───── EXERCISE INPUTS

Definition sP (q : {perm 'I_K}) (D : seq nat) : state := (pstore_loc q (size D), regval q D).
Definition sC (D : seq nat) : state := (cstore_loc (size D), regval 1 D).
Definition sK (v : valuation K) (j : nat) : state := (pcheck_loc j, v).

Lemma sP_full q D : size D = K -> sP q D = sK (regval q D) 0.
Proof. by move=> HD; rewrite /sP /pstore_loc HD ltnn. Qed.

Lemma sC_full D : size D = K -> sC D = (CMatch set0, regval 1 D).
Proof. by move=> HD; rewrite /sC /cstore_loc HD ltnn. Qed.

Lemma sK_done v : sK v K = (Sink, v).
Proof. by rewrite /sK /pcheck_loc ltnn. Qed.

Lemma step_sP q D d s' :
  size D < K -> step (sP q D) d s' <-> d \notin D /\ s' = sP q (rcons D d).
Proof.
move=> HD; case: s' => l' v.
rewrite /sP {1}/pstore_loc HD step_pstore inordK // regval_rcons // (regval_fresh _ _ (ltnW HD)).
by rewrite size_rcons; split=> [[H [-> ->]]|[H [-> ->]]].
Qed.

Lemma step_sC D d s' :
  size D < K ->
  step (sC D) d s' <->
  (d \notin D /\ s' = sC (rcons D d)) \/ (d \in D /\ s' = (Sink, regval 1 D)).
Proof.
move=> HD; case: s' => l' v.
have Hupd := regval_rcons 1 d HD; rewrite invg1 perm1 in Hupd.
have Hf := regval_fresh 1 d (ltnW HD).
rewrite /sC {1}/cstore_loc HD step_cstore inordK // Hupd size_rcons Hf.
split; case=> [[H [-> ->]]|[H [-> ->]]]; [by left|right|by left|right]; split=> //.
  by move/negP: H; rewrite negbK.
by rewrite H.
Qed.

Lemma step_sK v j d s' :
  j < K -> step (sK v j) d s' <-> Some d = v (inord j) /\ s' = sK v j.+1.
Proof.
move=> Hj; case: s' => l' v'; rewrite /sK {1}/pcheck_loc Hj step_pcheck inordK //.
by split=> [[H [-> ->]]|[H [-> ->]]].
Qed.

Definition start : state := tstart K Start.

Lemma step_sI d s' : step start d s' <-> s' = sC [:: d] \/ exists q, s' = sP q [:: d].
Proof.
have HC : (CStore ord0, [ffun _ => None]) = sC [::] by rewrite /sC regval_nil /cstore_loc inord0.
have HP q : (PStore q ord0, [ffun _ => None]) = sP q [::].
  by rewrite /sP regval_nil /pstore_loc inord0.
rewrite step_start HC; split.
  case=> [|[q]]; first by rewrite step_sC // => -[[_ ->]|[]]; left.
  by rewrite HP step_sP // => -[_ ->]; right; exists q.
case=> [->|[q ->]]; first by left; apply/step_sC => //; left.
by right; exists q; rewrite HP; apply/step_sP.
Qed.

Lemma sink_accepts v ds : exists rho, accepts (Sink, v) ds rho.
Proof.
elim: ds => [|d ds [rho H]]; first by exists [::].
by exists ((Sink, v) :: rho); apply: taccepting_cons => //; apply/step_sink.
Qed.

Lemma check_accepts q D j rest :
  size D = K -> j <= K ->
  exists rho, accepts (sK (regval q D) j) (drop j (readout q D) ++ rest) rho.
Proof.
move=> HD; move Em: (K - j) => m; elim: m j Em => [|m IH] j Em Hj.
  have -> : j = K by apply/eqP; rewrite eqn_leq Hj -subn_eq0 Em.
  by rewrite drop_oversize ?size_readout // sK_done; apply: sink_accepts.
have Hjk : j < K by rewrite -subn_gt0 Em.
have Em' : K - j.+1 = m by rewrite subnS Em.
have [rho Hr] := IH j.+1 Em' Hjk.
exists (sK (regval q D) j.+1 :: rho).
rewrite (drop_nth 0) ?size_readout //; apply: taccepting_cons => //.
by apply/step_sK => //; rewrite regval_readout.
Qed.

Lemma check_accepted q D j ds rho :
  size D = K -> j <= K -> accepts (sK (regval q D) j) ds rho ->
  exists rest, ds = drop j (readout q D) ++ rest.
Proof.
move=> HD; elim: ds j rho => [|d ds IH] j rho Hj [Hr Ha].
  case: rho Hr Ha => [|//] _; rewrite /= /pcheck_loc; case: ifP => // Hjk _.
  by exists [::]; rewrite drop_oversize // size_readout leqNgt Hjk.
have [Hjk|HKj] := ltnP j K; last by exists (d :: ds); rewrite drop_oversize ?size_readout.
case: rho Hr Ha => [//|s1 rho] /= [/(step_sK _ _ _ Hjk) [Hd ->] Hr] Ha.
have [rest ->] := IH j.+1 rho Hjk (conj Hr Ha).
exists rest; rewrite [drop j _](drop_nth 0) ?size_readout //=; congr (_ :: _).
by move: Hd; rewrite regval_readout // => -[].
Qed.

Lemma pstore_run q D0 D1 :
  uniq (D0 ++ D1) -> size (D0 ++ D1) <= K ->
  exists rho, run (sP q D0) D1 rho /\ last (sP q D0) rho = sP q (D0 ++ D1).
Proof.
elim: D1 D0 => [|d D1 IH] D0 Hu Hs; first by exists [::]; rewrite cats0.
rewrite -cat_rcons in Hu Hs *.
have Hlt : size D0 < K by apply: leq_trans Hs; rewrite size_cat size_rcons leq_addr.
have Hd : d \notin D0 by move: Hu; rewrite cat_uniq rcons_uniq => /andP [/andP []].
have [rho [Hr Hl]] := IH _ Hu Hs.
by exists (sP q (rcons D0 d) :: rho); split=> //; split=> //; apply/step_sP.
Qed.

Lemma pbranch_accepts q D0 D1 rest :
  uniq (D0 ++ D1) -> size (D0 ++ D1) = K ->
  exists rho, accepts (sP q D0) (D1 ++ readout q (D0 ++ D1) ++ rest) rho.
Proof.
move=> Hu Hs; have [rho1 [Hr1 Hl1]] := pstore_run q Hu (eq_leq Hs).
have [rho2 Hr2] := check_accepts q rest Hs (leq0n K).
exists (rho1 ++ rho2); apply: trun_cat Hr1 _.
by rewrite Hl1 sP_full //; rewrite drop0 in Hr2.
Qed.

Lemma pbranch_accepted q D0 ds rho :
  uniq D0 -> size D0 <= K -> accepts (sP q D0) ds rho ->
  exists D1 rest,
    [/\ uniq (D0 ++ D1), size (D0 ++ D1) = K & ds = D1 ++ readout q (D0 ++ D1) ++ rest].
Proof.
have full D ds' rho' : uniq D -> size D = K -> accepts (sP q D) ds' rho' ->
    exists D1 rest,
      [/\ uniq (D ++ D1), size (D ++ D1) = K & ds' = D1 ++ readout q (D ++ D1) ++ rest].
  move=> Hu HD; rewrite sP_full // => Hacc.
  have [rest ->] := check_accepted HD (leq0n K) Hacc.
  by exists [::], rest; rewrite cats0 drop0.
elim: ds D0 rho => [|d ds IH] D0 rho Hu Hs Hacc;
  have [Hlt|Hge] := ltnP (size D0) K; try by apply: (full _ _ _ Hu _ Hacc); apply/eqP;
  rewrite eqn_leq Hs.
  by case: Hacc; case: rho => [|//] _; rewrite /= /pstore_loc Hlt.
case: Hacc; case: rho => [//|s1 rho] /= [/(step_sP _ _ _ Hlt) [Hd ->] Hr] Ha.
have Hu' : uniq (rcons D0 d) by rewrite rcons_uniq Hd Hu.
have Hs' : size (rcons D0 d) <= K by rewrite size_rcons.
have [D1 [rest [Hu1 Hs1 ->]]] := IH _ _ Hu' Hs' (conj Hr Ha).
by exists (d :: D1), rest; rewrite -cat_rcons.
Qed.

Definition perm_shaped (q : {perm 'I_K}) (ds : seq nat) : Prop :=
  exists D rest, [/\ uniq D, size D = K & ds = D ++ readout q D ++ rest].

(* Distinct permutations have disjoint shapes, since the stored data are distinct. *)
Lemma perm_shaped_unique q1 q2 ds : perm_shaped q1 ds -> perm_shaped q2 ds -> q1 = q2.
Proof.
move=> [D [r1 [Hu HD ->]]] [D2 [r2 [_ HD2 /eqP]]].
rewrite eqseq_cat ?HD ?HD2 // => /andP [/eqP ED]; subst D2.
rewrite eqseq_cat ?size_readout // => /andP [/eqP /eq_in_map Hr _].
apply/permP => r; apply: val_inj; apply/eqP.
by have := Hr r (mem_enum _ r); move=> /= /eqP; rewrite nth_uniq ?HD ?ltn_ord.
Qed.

──────────

_WHAT YOU ARE ASKED TO DO_
Output all lines from the beginning of the data up to the line holding "Lemma step_sP q", that line included, exactly as written.

_ANSWER TO THIS PROBLEM_
Definition sP (q : {perm 'I_K}) (D : seq nat) : state := (pstore_loc q (size D), regval q D).
Definition sC (D : seq nat) : state := (cstore_loc (size D), regval 1 D).
Definition sK (v : valuation K) (j : nat) : state := (pcheck_loc j, v).

Lemma sP_full q D : size D = K -> sP q D = sK (regval q D) 0.
Proof. by move=> HD; rewrite /sP /pstore_loc HD ltnn. Qed.

Lemma sC_full D : size D = K -> sC D = (CMatch set0, regval 1 D).
Proof. by move=> HD; rewrite /sC /cstore_loc HD ltnn. Qed.

Lemma sK_done v : sK v K = (Sink, v).
Proof. by rewrite /sK /pcheck_loc ltnn. Qed.

Lemma step_sP q D d s' :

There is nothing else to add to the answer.